Goal of the exercise — Work out how many lines in the data hold the string "Lemma". Reply with only that number.
══ Dataset entries ══
(* Let $G\in\mathcal{C}$, $N\unlhd G$, and let $(H,H,\vartheta)\in\mathcal{L}_N$ have second node $(H_2,A_2,\vartheta_2)$. If $H\unlhd N_G(\ker\vartheta_2)$, then $(H,\ker\vartheta)$ is a strong Shoda pair of $G$.
   Context: All groups are finite. $\mathcal{C}$ is the class of finite groups $G$ such that every subgroup and quotient group of $G$ is either abelian or contains a non-central abelian normal subgroup. $\psi^x(g)=\psi(xgx^{-1})$, $\psi^G$ induced character, $1_N$ trivial character. For $K\unlhd H\le G$: $\widehat H=\frac1{|H|}\sum_{h\in H}h$; $\varepsilon(H,K)=\widehat K$ if $H=K$, else $\prod(\widehat K-\widehat L)$ over $L\unlhd H$ with $L/K$ minimal normal in $H/K$. A strong Shoda pair of $G$ is $(H,K)$ with $K\unlhd H\unlhd N_G(K)$, $H/K$ cyclic and a maximal abelian subgroup of $N_G(K)/K$, and the distinct $G$-conjugates of $\varepsilon(H,K)$ mutually orthogonal. An $N$-linear character triple of $G$ is $(H,A,\vartheta)$ with $H\le G$, $A\unlhd H$, $\vartheta$ a linear character of $A$ invariant in $H$, and $\ker(\vartheta^G)=N$. For $B\unlhd M\le G$ and linear $\lambda$ on $B$, $\widetilde{\operatorname{Lin}}(M|\lambda)$ is the set of linear characters of $M$ whose restriction to $B$ contains $\lambda$ and whose induction to $G$ has kernel $N$. For each triple a normal subgroup $\mathcal{A}=\mathcal{A}_{(H,A,\vartheta)}$ of $H$ is fixed, of maximal order among normal subgroups of $H$ containing $\ker\vartheta$ with abelian quotient by $\ker\vartheta$. $\operatorname{Aut}(\mathbb{C}|\vartheta)\times H$ acts on $\widetilde{\operatorname{Lin}}(\mathcal{A}|\vartheta)$ by $(\sigma,h)\cdot\varphi=\sigma\circ\varphi^h$ ($\sigma$ a field automorphism of $\mathbb{C}$ fixing $\mathbb{Q}(\vartheta)$); fix orbit representatives $\mathfrak{Lin}(\mathcal{A}|\vartheta)$. If $H\neq A$, $Cl(H,A,\vartheta)=\{(I_H(\varphi),\mathcal{A},\varphi):\varphi\in\mathfrak{Lin}(\mathcal{A}|\vartheta)\}$, $I_H(\varphi)=\{h\in H:\varphi^h=\varphi\}$; if $H=A$, empty. $\mathcal{G}_N$: directed graph of $N$-linear triples reachable from $(G,N,1_N)$, edges $(u,v)$ whenever $v\in Cl(u)$; each vertex is reached by a unique directed path from the root. $\mathcal{L}_N$: vertices of the form $(H,H,\vartheta)$. For such a leaf with path $v_1=(G,N,1_N),v_2,\dots,v_n=(H,H,\vartheta)$, $v_i$ is its $i$-th node (so the second node is $v_2$, existing when $n\ge2$). *)

From HB Require Import structures.
From mathcomp Require Import all_boot all_order all_algebra all_fingroup all_solvable all_field all_character.
Set Implicit Arguments.
Unset Strict Implicit.
Unset Printing Implicit Defensive.
Import GRing.Theory Num.Theory.
Local Open Scope group_scope.
Lemma perp_both_eq_scale_cross u v w : dot (cross u v) (cross u v) = 1 ->
  dot w u = 0 -> dot w v = 0 -> w = vscale (dot w (cross u v)) (cross u v).
Proof.
  intros HX Hu Hv. pose proof (perp_parallel_cross u v w Hu Hv) as E.
  rewrite HX in E. rewrite <- E. vec_ring.
Qed.

Lemma tangent_towards_parallel ni nj v u :
  dot ni ni = 1 -> dot nj nj = 1 -> (dot ni nj)^2 < 1 ->
  dot v v = 1 -> dot v ni = 0 -> dot v nj = 0 -> dot u ni = 0 -> 0 < dot nj u ->
  exists kap, 0 < kap /\ tangent_towards v u = vscale kap (vsub nj (vscale (dot ni nj) ni)).
Proof.
  intros Hi Hj Hij Hv Hvi Hvj Hui Hju.
  set (t := tangent_towards v u). set (m := vsub nj (vscale (dot ni nj) ni)).
  set (X := cross ni v).
  assert (HX : dot X X = 1) by (unfold X; rewrite cross_unit_dot_self, (dot_sym ni v), Hvi; lra).
  assert (Et : t = vscale (dot t X) X).
  { apply perp_both_eq_scale_cross; auto; unfold t, tangent_towards.
    - replace (dot (vsub u (vscale (dot v u) v)) ni) with (dot u ni - dot v u * dot v ni)
        by (vec_coords; ring). rewrite Hui, Hvi; ring.
    - replace (dot (vsub u (vscale (dot v u) v)) v) with (dot u v - dot v u * dot v v)
        by (vec_coords; ring). rewrite Hv, (dot_sym u v); ring. }
  assert (Em : m = vscale (dot m X) X).
  { apply perp_both_eq_scale_cross; auto; unfold m.
    - replace (dot (vsub nj (vscale (dot ni nj) ni)) ni) with (dot nj ni - dot ni nj * dot ni ni)
        by (vec_coords; ring). rewrite Hi, (dot_sym nj ni); ring.
    - replace (dot (vsub nj (vscale (dot ni nj) ni)) v) with (dot nj v - dot ni nj * dot ni v)
        by (vec_coords; ring). rewrite (dot_sym nj v), (dot_sym ni v), Hvi, Hvj; ring. }
  set (a := dot t X) in *. set (b := dot m X) in *.
  assert (Htj : dot t nj = dot nj u).
  { unfold t, tangent_towards. replace (dot (vsub u (vscale (dot v u) v)) nj)
      with (dot u nj - dot v u * dot v nj) by (vec_coords; ring).
    rewrite Hvj, (dot_sym u nj); ring. }
  assert (Hmj : dot m nj = 1 - (dot ni nj)^2).
  { unfold m. replace (dot (vsub nj (vscale (dot ni nj) ni)) nj) with
      (dot nj nj - dot ni nj * dot ni nj) by (vec_coords; ring). rewrite Hj; ring. }
  assert (Hab : 0 < a * b).
  { assert (Ht' : dot t nj = a * dot X nj) by (rewrite Et; vec_coords; ring).
    assert (Hm' : dot m nj = b * dot X nj) by (rewrite Em; vec_coords; ring).
    assert (0 < dot t nj * dot m nj) by (rewrite Htj, Hmj; nra).
    rewrite Ht', Hm' in H. nra. }
  assert (Hb : b <> 0) by (intro E; rewrite E in Hab; lra).
  exists (a / b). split.
  - replace (a / b) with (a * b / (b * b)) by (field; auto). apply Rdiv_lt_0_compat; nra.
  - rewrite Et, Em. vec_coords; apply vec3_ext; simpl; field; auto.
Qed.

Lemma sph_angle_at_vertex ni nj v u w :
  dot ni ni = 1 -> dot nj nj = 1 -> (dot ni nj)^2 < 1 ->
  dot v v = 1 -> dot v ni = 0 -> dot v nj = 0 ->
  dot u ni = 0 -> 0 < dot nj u -> dot w nj = 0 -> 0 < dot ni w ->
  sph_angle v u w = acos (- dot ni nj).
Proof.
  intros Hi Hj Hij Hv Hvi Hvj Hui Hju Hwj Hiw.
  destruct (tangent_towards_parallel ni nj v u) as [k1 [Hk1 E1]]; auto.
  destruct (tangent_towards_parallel nj ni v w) as [k2 [Hk2 E2]]; auto.
  { rewrite dot_sym; auto. }
  unfold sph_angle. simpl. rewrite E1, E2, (dot_sym nj ni).
  set (k := dot ni nj) in *.
  assert (N1 : dot (vsub nj (vscale k ni)) (vsub nj (vscale k ni)) = 1 - k^2).
  { replace (dot (vsub nj (vscale k ni)) (vsub nj (vscale k ni))) with
     (dot nj nj - 2 * k * dot ni nj + k*k*dot ni ni) by (vec_coords; ring).
    fold k. rewrite Hi, Hj. ring. }
  assert (N2 : dot (vsub ni (vscale k nj)) (vsub ni (vscale k nj)) = 1 - k^2).
  { replace (dot (vsub ni (vscale k nj)) (vsub ni (vscale k nj))) with
     (dot ni ni - 2 * k * dot ni nj + k*k*dot nj nj) by (vec_coords; ring).
    fold k. rewrite Hi, Hj. ring. }
  assert (N12 : dot (vsub nj (vscale k ni)) (vsub ni (vscale k nj)) = - k * (1 - k^2)).
  { replace (dot (vsub nj (vscale k ni)) (vsub ni (vscale k nj))) with
     (dot ni nj - k * dot nj nj - k * dot ni ni + k*k*dot ni nj) by (vec_coords; ring).
    fold k. rewrite Hi, Hj. ring. }
  rewrite dot_norm_ratio_scale
    by (auto; unfold norm; try rewrite N1; try rewrite N2; apply sqrt_lt_R0; lra).
  unfold norm. rewrite N1, N2, N12, sqrt_sqrt by lra. f_equal. field. lra.
Qed.

Lemma same_sign_trans x y z : 0 < x * y -> 0 < y * z -> 0 < x * z.
Proof. intros. nra. Qed.

Lemma neg_of_nonpos_prod_pos x y : x <= 0 -> 0 < x * y -> x < 0 /\ y < 0.
Proof.
  intros Hx Hxy. destruct (Rle_lt_or_eq_dec _ _ Hx) as [Hlt|Heq].
  - split; nra.
  - subst x. lra.
Qed.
═══
Exercise response — 5